China

Bitcoin markets respond to threats of increased regulation of Chinese exchanges

2017 has proven to be a volatile year for Bitcoin. Uncertainty in global financial markets made cryptocurrency an attractive exit strategy for some wishing to shed the weight of weakening fiat currencies. This has been especially true for the chinese yuan, which has continuously depreciated against the dollar over the last few years. Roughly 30-35% of the world’s bitcoin trading occurs in China between CNY and BTC.

In response to a sharp increase in the value of BTC at the end of 2016, the People’s Bank of China (PBOC), China’s central bank, began investigating China based crypto-exchanges for possible regulatory violations. The PBOC has threatened to close down any exchange found to be non-compliant with the law.

In response to these investigations, crypto-exchanges scrambled to tighten up their operations. The three largest Chinese crypto-exchanges have already voluntarily begun imposing additional controls and oversight over their users. The regulatory environment in China is evolving quickly. Here is everything that happened in the last month.

“One Step Forward”: A timeline of increasing oversight

 

January 6th, 2017: The PBOC  issues an announcement that they will enter into talks with the leaders of China’s top three Bitcoin exchanges (Huobi, BTTC, and OKcoin) to better “understand the exchange’s operating conditions” and “point out the possible existence of legal, regulatory, and technical risks” in their business operations.

Note: In 2016, Huobi, BTTC, and OKcoin accounted for about 90% of the BTC/CNY trade volume in China.

January 11th, 2017: The PBOC announces that they will conduct on-site spot checks at Huobi, BTTC, and OKcoin to ensure that they are complying with domestic laws and regulations.
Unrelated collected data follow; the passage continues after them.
(* Let $p\geq1$ be an integer, $\tau>0$, and $w=(w_0,\dots,w_{p-1})$ with all $w_j>0$ and $\sum_{j=0}^{p-1}w_j=1$. Let $M_w:E\to E$ be the weighted moving average defined on $E=l^\infty(\mathbb{N})$ by $M_w(x)=y$ with $$y_n=\frac{\sum_{j=p-1-n}^{p-1}w_jx_{n-p+1+j}}{\sum_{j=p-1-n}^{p-1}w_j}\ (0\le n\le p-2),\qquad y_n=\sum_{j=0}^{p-1}w_jx_{n-p+1+j}\ (n\geq p-1).$$ Then for every polynomial $P=\sum_{k=0}^da_kX^k\in\mathbb{R}[X]$, $$lag(P(M_w))=lag(M_w)\sum_{k=0}^d k a_k=lag(M_w)\,P'(1).$$
   Context: Here $P(M_w)=\sum_k a_k M_w^k$ (with $M_w^0=\mathrm{id}$). For every $k$, $M_w^k(x)_n=\sum_{i_1,\dots,i_k=0}^{p-1}w_{i_1}\cdots w_{i_k}x_{n-k(p-1)+i_1+\cdots+i_k}$ for $n\ge k(p-1)$, so $P(M_w)$ acts, for all $n\geq d(p-1)$, as a fixed finite weighted sum of $x_{n-q+1},\dots,x_n$ with $q=d(p-1)+1$. Lag: if $M:E\to E$ is linear and there are an integer $q\ge1$ and reals $v_0,\dots,v_{q-1}$ such that $M(x)_n=\sum_{j=0}^{q-1}v_jx_{n-q+1+j}$ for all $x\in E$ and all $n\geq q-1$, then $lag(M)=\tau\sum_{j=0}^{q-1}v_j(q-1-j)$, where $\tau>0$ is the fixed time step between consecutive observations. *)

From HB Require Import structures.
From mathcomp Require Import all_boot all_order all_algebra.
From mathcomp Require Import reals.
Set Implicit Arguments. Unset Strict Implicit. Unset Printing Implicit Defensive.
Import Order.TTheory GRing.Theory Num.Theory.
Local Open Scope ring_scope.

(* Sequences indexed by nat; E = l^oo(N) is the set of bounded sequences. *)
Definition bounded (R : realType) (x : nat -> R) : Prop :=
  exists B : R, forall n, `|x n| <= B.

(* Weighted moving average M_w with weights w_0..w_{p-1} (w j, j < p).
   The index n-p+1+j is written (n + 1 + j - p)%N; it is never truncated
   in the ranges used. *)
Definition Mw (R : realType) (p : nat) (w : nat -> R) (x : nat -> R) (n : nat) : R :=
  if (n < p.-1)%N then
    (\sum_(j < p | (p.-1 - n <= j)%N) w j * x (n.+1 + j - p)%N) /
    (\sum_(j < p | (p.-1 - n <= j)%N) w j)
  else \sum_(j < p) w j * x (n.+1 + j - p)%N.

Definition poly_op (R : realType) (P : {poly R})
    (M : (nat -> R) -> (nat -> R)) (x : nat -> R) (n : nat) : R :=
  \sum_(k < size P) P`_k * iter k M x n.

Definition linear_on_E (R : realType) (M : (nat -> R) -> (nat -> R)) : Prop :=
  (forall x, bounded x -> bounded (M x)) /\
  (forall (a : R) x y, bounded x -> bounded y ->
     M (fun n => a * x n + y n) = (fun n => a * M x n + M y n)).

Definition is_lag (R : realType) (tau : R) (M : (nat -> R) -> (nat -> R)) (L : R) : Prop :=
  linear_on_E M /\
  exists (q : nat) (v : nat -> R),
    (1 <= q)%N /\
    (forall x, bounded x -> forall n, (q.-1 <= n)%N ->
        M x n = \sum_(j < q) v j * x (n.+1 + j - q)%N) /\
    L = tau * \sum_(j < q) v j * (q.-1 - j)%:R.

From HB Require Import structures.
From mathcomp Require Import all_boot all_order all_algebra.
From mathcomp Require Import reals.
From mathcomp Require Import boolp zify.
Import Order.TTheory GRing.Theory Num.Theory.
Local Open Scope ring_scope.
Set Implicit Arguments. Unset Strict Implicit.

(* For large n every operator in sight is a causal convolution
   x |-> (sum_e h_e x_(n-e))_n by a polynomial h, its transfer function:
   M_w has transfer function W = sum_j w_j X^(p-1-j), so M_w^k has W^k and
   P(M_w) has P o W.  The moving-window coefficients of such an operator are
   the coefficients of h read backwards (test on unit impulses), so its lag
   is tau * h'(1).  Since W(1) = sum_j w_j = 1, the chain rule gives
   (P o W)'(1) = P'(1) W'(1). *)

Section Convolution.
Variable R : nzRingType.
Implicit Types (h g : {poly R}) (x v : nat -> R).

Definition conv h x (n : nat) : R := \sum_(e < n.+1) h`_e * x (n - e)%N.

Lemma conv_coefM h x m n : (m <= n)%N ->
  conv h x m = (h * \poly_(i < n.+1) x i)`_m.
Proof.
move=> le_mn; rewrite coefM; apply: eq_bigr => i _.
by rewrite coef_poly ifT //; have := ltn_ord i; lia.
Qed.

Lemma conv_mul h g x n : conv h (conv g x) n = conv (h * g) x n.
Proof.
rewrite (conv_coefM (h * g) x (leqnn n)) -mulrA coefM; apply: eq_bigr => i _.
by rewrite (conv_coefM _ _ (leq_subr i n)).
Qed.

Lemma conv1 x n : conv 1 x n = x n.
Proof.
rewrite /conv big_ord_recl coef1 mul1r subn0 big1 ?addr0 // => i _.
by rewrite coef1 mul0r.
Qed.

Lemma conv_sumZ m (c : nat -> R) (G : nat -> {poly R}) x n :
  conv (\sum_(k < m) c k *: G k) x n = \sum_(k < m) c k * conv (G k) x n.
Proof.
rewrite /conv; under eq_bigr => e _ do rewrite coef_sum mulr_suml.
rewrite exchange_big; apply: eq_bigr => k _; rewrite mulr_sumr.
by apply: eq_bigr => e _; rewrite coefZ mulrA.
Qed.

Lemma conv_wide h x n K : (size h <= K)%N -> (K <= n.+1)%N ->
  conv h x n = \sum_(e < K) h`_e * x (n - e)%N.
Proof.
move=> le_hK le_Kn.
rewrite (big_ord_widen _ (fun e => h`_e * x (n - e)%N) le_Kn) [RHS]big_mkcond.
apply: eq_bigr => e _; case: ltnP => // le_Ke.
by rewrite nth_default ?mul0r // (leq_trans le_hK).
Qed.

Lemma conv_impulse h m n : (m <= n)%N ->
  conv h (fun i => (i == m)%:R) n = h`_(n - m).
Proof.
move=> le_mn; rewrite (conv_coefM _ _ (leqnn n)).
have -> : \poly_(i < n.+1) (i == m)%:R = 'X^m :> {poly R}.
  apply/polyP => i; rewrite coef_poly coefXn.
  by case: ltnP => // lt_ni; case: eqP => // ei; lia.
by rewrite coefMXn ltnNge le_mn.
Qed.

(* The weight v j multiplies x_(n-(q-1-j)), i.e. acts with delay q-1-j. *)
Definition window_poly (q : nat) (v : nat -> R) : {poly R} :=
  \poly_(d < q) v (q.-1 - d)%N.

Lemma window_conv q v x n : (q.-1 <= n)%N ->
  \sum_(j < q) v j * x (n.+1 + j - q)%N = conv (window_poly q v) x n.
Proof.
move=> le_qn; rewrite (@conv_wide _ _ _ q) ?size_poly //; last by lia.
rewrite [RHS](reindex_inj rev_ord_inj); apply: eq_bigr => j _ /=.
have lt_jq := ltn_ord j; rewrite coef_poly ifT; last by lia.
by congr (v _ * x _); lia.
Qed.

Lemma window_poly_coefs h q : (size h <= q)%N ->
  window_poly q (fun j => h`_(q.-1 - j)) = h.
Proof.
move=> le_hq; apply/polyP => d; rewrite coef_poly.
case: ltnP => [lt_dq | le_qd]; first by congr (h`_ _); lia.
by rewrite nth_default // (leq_trans le_hq).
Qed.

Lemma horner1_window_poly q v : (window_poly q v).[1] = \sum_(j < q) v j.
Proof.
rewrite (horner_coef_wide _ (size_poly _ _)) [RHS](reindex_inj rev_ord_inj).
apply: eq_bigr => j _ /=; have lt_jq := ltn_ord j.
by rewrite expr1n mulr1 coef_poly ifT; [congr v | ]; lia.
Qed.

Lemma horner1_deriv_wide h K : (size h <= K)%N ->
  h^`().[1] = \sum_(k < K) k%:R * h`_k.
Proof.
move=> le_hK.
have le_h'K : (size h^`() <= K)%N.
  apply/leq_sizeP => j le_Kj.
  by rewrite coef_deriv nth_default ?mul0rn // (leq_trans le_hK (leqW le_Kj)).
rewrite (horner_coef_wide _ le_h'K).
case: K le_hK le_h'K => [|K] le_hK _; first by rewrite !big_ord0.
rewrite big_ord_recr big_ord_recl /= mul0r add0r coef_deriv.
rewrite (nth_default _ le_hK) mul0rn mul0r addr0.
by apply: eq_bigr => k _; rewrite coef_deriv expr1n mulr1 /bump leq0n add1n mulr_natl.
Qed.

Lemma horner1_deriv h : h^`().[1] = \sum_(k < size h) k%:R * h`_k.
Proof. exact: horner1_deriv_wide. Qed.

Lemma horner1_deriv_window_poly q v :
  (window_poly q v)^`().[1] = \sum_(j < q) v j * (q.-1 - j)%:R.
Proof.
rewrite (horner1_deriv_wide (size_poly _ _)) (reindex_inj rev_ord_inj).
apply: eq_bigr => j _ /=; have lt_jq := ltn_ord j.
by rewrite mulr_natl mulr_natr coef_poly ifT; [congr (v _ *+ _) | ]; lia.
Qed.

Lemma iter_conv (M : (nat -> R) -> nat -> R) h N :
  (size h <= N.+1)%N -> (forall x n, (N <= n)%N -> M x n = conv h x n) ->
  forall k x n, (k * N <= n)%N -> iter k M x n = conv (h ^+ k) x n.
Proof.
move=> size_h M_conv k x; elim: k => [|k IHk] n le_kNn; first by rewrite expr0 conv1.
rewrite iterS M_conv; last by rewrite mulSn in le_kNn; lia.
rewrite exprS -conv_mul /conv; apply: eq_bigr => e _.
case: (ltnP e (size h)) => [lt_eh | le_he]; last by rewrite nth_default ?mul0r.
by rewrite IHk //; rewrite mulSn in le_kNn; lia.
Qed.

End Convolution.

Section Operators.
Variable R : realType.
Implicit Types (x : nat -> R).

Lemma poly_op_conv (M : (nat -> R) -> nat -> R) (h P : {poly R}) N :
  (size h <= N.+1)%N -> (forall x n, (N <= n)%N -> M x n = conv h x n) ->
  forall x n, (size P * N <= n)%N -> poly_op P M x n = conv (P \Po h) x n.
Proof.
move=> size_h M_conv x n le_PNn; rewrite comp_polyE conv_sumZ; apply: eq_bigr => k _.
by rewrite (iter_conv size_h M_conv) // (leq_trans _ le_PNn) // leq_mul2r ltnW ?orbT.
Qed.

Lemma Mw_conv p (w : nat -> R) x n : (p.-1 <= n)%N ->
  Mw p w x n = conv (window_poly p w) x n.
Proof. by move=> le_pn; rewrite /Mw ltnNge le_pn window_conv. Qed.

Lemma bounded_eventually x N B : (forall n, (N <= n)%N -> `|x n| <= B) -> bounded x.
Proof.
move=> xB; have B_ge0 : 0 <= B by apply: le_trans (xB N (leqnn N)).
exists (\sum_(m < N) `|x m| + B) => n.
case: (ltnP n N) => [lt_nN | le_Nn]; last by rewrite ler_wpDl ?sumr_ge0 ?xB.
by rewrite (bigD1 (Ordinal lt_nN)) //= -addrA lerDl addr_ge0 ?sumr_ge0.
Qed.

Lemma bounded_sum m (F : nat -> nat -> R) :
  (forall k, bounded (F k)) -> bounded (fun n => \sum_(k < m) F k n).
Proof.
move=> bF; elim: m => [|m [B sumB]]; first by exists 0 => n; rewrite big_ord0 normr0.
have [C FC] := bF m; exists (B + C) => n; rewrite big_ord_recr /=.
exact: le_trans (ler_normD _ _) (lerD _ _).
Qed.

Lemma bounded_scale (c : R) x : bounded x -> bounded (fun n => c * x n).
Proof.
by move=> [B xB]; exists (`|c| * B) => n; rewrite normrM ler_wpM2l.
Qed.

Lemma linear_iter (M : (nat -> R) -> nat -> R) k :
  linear_on_E M -> linear_on_E (iter k M).
Proof.
move=> [Mb Ml]; elim: k => [|k [IHb IHl]]; first by [].
split=> [x bx | a x y bx bxy] /=; first exact/Mb/IHb.
by rewrite IHl // Ml //; apply: IHb.
Qed.

Lemma linear_poly_op (M : (nat -> R) -> nat -> R) (P : {poly R}) :
  linear_on_E M -> linear_on_E (poly_op P M).
Proof.
move=> linM; have iterb k := (linear_iter k linM).1.
have iterl k := (linear_iter k linM).2.
split=> [x bx | a x y bx byy].
  exact (bounded_sum (size P) (fun k => bounded_scale P`_k (iterb k x bx))).
apply: funext => n; rewrite /poly_op mulr_sumr -big_split /=.
by apply: eq_bigr => k _; rewrite iterl // mulrDr mulrCA.
Qed.

Lemma linear_Mw p (w : nat -> R) : linear_on_E (Mw p w).
Proof.
split=> [x [B xB] | a x y _ _].
  apply: (@bounded_eventually _ p.-1 (B * \sum_(j < p) `|w j|)) => n le_pn.
  rewrite /Mw ltnNge le_pn /= mulr_sumr (le_trans (ler_norm_sum _ _ _)) //.
  by apply: ler_sum => j _; rewrite normrM mulrC ler_wpM2r.
apply: funext => n; rewrite /Mw.
case: ifP => _; under eq_bigr => j _ do rewrite mulrDr mulrCA.
  by rewrite big_split /= -mulr_sumr mulrDl mulrA.
by rewrite big_split /= -mulr_sumr.
Qed.

End Operators.

Section Lag.
Variable R : realType.

Lemma conv_eventually_inj (h g : {poly R}) N :
  (forall x, bounded x -> forall n, (N <= n)%N -> conv h x n = conv g x n) ->
  h = g.
Proof.
move=> hg; apply/polyP => d.
have impulse_bounded : bounded (fun i => (i == N)%:R : R).
  by exists 1 => i; case: (i == N); rewrite ?normr1 ?normr0.
have := hg _ impulse_bounded (N + d)%N (leq_addr _ _).
by rewrite !conv_impulse ?leq_addr // addKn.
Qed.

Lemma is_lag_conv tau (M : (nat -> R) -> nat -> R) (h : {poly R}) N :
  linear_on_E M ->
  (forall x, bounded x -> forall n, (N <= n)%N -> M x n = conv h x n) ->
  forall L, is_lag tau M L <-> L = tau * h^`().[1].
Proof.
move=> linM M_conv L; split.
  move=> [_ [q [v [_ [M_window ->]]]]].
  have <- : window_poly q v = h.
    apply: (@conv_eventually_inj _ _ (maxn N q.-1)) => x bx n.
    rewrite geq_max => /andP[le_Nn le_qn].
    by rewrite -window_conv // -M_window // M_conv.
  by rewrite horner1_deriv_window_poly.
move=> ->; split=> //.
pose q := (maxn N (size h)).+1.
have le_hq : (size h <= q)%N by rewrite ltnW // ltnS leq_maxr.
exists q, (fun j => h`_(q.-1 - j)); split=> //; split.
  move=> x bx n le_qn; rewrite M_conv //; last by rewrite (leq_trans _ le_qn) ?leq_maxl.
  by rewrite -{1}(window_poly_coefs le_hq) -window_conv.
by rewrite -{1}(window_poly_coefs le_hq) horner1_deriv_window_poly.
Qed.

End Lag.

Theorem proposition4 (R : realType) (p : nat) (tau : R) (w : nat -> R)
  (hp : (1 <= p)%N) (htau : 0 < tau)
  (hw : forall j, (j < p)%N -> 0 < w j)
  (hsum : \sum_(j < p) w j = 1)
  (P : {poly R}) :
  (exists L1, is_lag tau (Mw p w) L1) /\
  (exists L2, is_lag tau (poly_op P (Mw p w)) L2) /\
  (forall L1 L2, is_lag tau (Mw p w) L1 ->
     is_lag tau (poly_op P (Mw p w)) L2 ->
     L2 = L1 * \sum_(k < size P) k%:R * P`_k /\
     L2 = L1 * (P^`()).[1]).
Proof.
pose W := window_poly p w.
have size_W : (size W <= p.-1.+1)%N := leq_trans (size_poly _ _) (leqSpred p).
have lag1 := is_lag_conv tau (linear_Mw p w) (fun x _ => @Mw_conv _ p w x).
have lag2 := is_lag_conv tau (linear_poly_op P (linear_Mw p w))
  (fun x _ => poly_op_conv size_W (@Mw_conv _ p w) x).
have chain : (P \Po W)^`().[1] = P^`().[1] * W^`().[1].
  by rewrite deriv_comp hornerM horner_comp horner1_window_poly hsum.
split; first by exists (tau * W^`().[1]); apply/lag1.
split; first by exists (tau * (P \Po W)^`().[1]); apply/lag2.
move=> L1 L2 /lag1 -> /lag2 ->; rewrite -horner1_deriv chain.
by split; rewrite mulrCA [RHS]mulrC.
Qed.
The announcement says they are specifically looking for compliance with anti-money laundering, credit lending, and foreign exchange capital control regulations.  

January 21st, 2017: After the PBOC regulatory spot-check, Huobi releases a memo on their website announcing that they will begin charging a 0.2% transaction fee in order to “take a step towards controlling speculation and limiting price volatility” in crypto-markets. BTTC and OKcoin make similar announcements.

January 24th, 2017: Huobi, BTTC, and OKcoin all  begin charging 0.2% transaction fees and cease margin lending. Soon after, trade volumes on Chinese exchanges dropped sharply.

January 25th, 2017: The PBOC announces that they will continue to investigate Chinese crypto-exchanges for possible violations of payment settlement, anti-money laundering, foreign exchange capital control, and safety laws and regulations.

February 8th, 2017:  Sina news agency publishes an article announcing that the PBOC met with the leaders of all the major Beijing based crypto-exchanges.

February 9th, 2017: The PBOC issues a statement confirming that they met with leaders from ChBTC, BtcTrade, HaoBTC, Yunbi, YuanBao, BTC100, Jubi, Bitbays, and Dahonghuo to discuss their ongoing investigation into the business practices of domestic crypto-exchanges.  

According to the memo, the purpose of the meeting was to clarify the PBOC’s compliance requirements. The PBOC states that it will require crypto-exchanges to comply with all relevant finance laws and regulations, and will not tolerate money laundering, foreign exchange capital control violations, or tax evasion. The memo concludes by saying that they will close down any crypto-exchanges that are found to be non-compliant with the law.

Later that afternoon, these nine crypto-exchanges as well as Huobi, OkCoin and BTTC released a statement to their users announcing that they would begin complying with Know Your Customer  (KYC) and Anti-Money Laundering (AML) guidelines. Specifically, they announced that they would start collecting customer identification information and improve their ability to track the source of user funds. Additionally, they state that any users that are discovered to be using their platforms for illegal purposes may have their accounts frozen.

In separate statements released by Huobi and OkCoin, the two largest chinese crypto-exchanges announced that they will immediately stop withdrawals of Bitcoin and Litecoin.

The source(s) of Bitcoin’s value

Bitcoin initially raised eyebrows and whetted appetites because of its novelty as a decentralized, unregulated, and borderless currency. Despite increasing compliance with KYC and AML guidelines, Bitcoin is still associated in the minds of many as a means of side stepping capital controls, particularly those perceived as unfair.

More and more world governments are beginning to normalize Bitcoin and bring it into some kind of regulatory fold. If the price of Bitcoin can remain relatively stable in response to enhanced regulation and oversight, it would indicate that people increasingly value Bitcoin for reasons other than its ability to circumvent financial regulation. In the past, tightening monetary controls on fiat currencies have pushed the price of the borderless, ‘anonymous,’ regulation-free cryptocurrency up. If monetary controls tighten around Bitcoin without pushing its price down, cryptocurrencies will have turned a page in their history of challenging the financial status quo.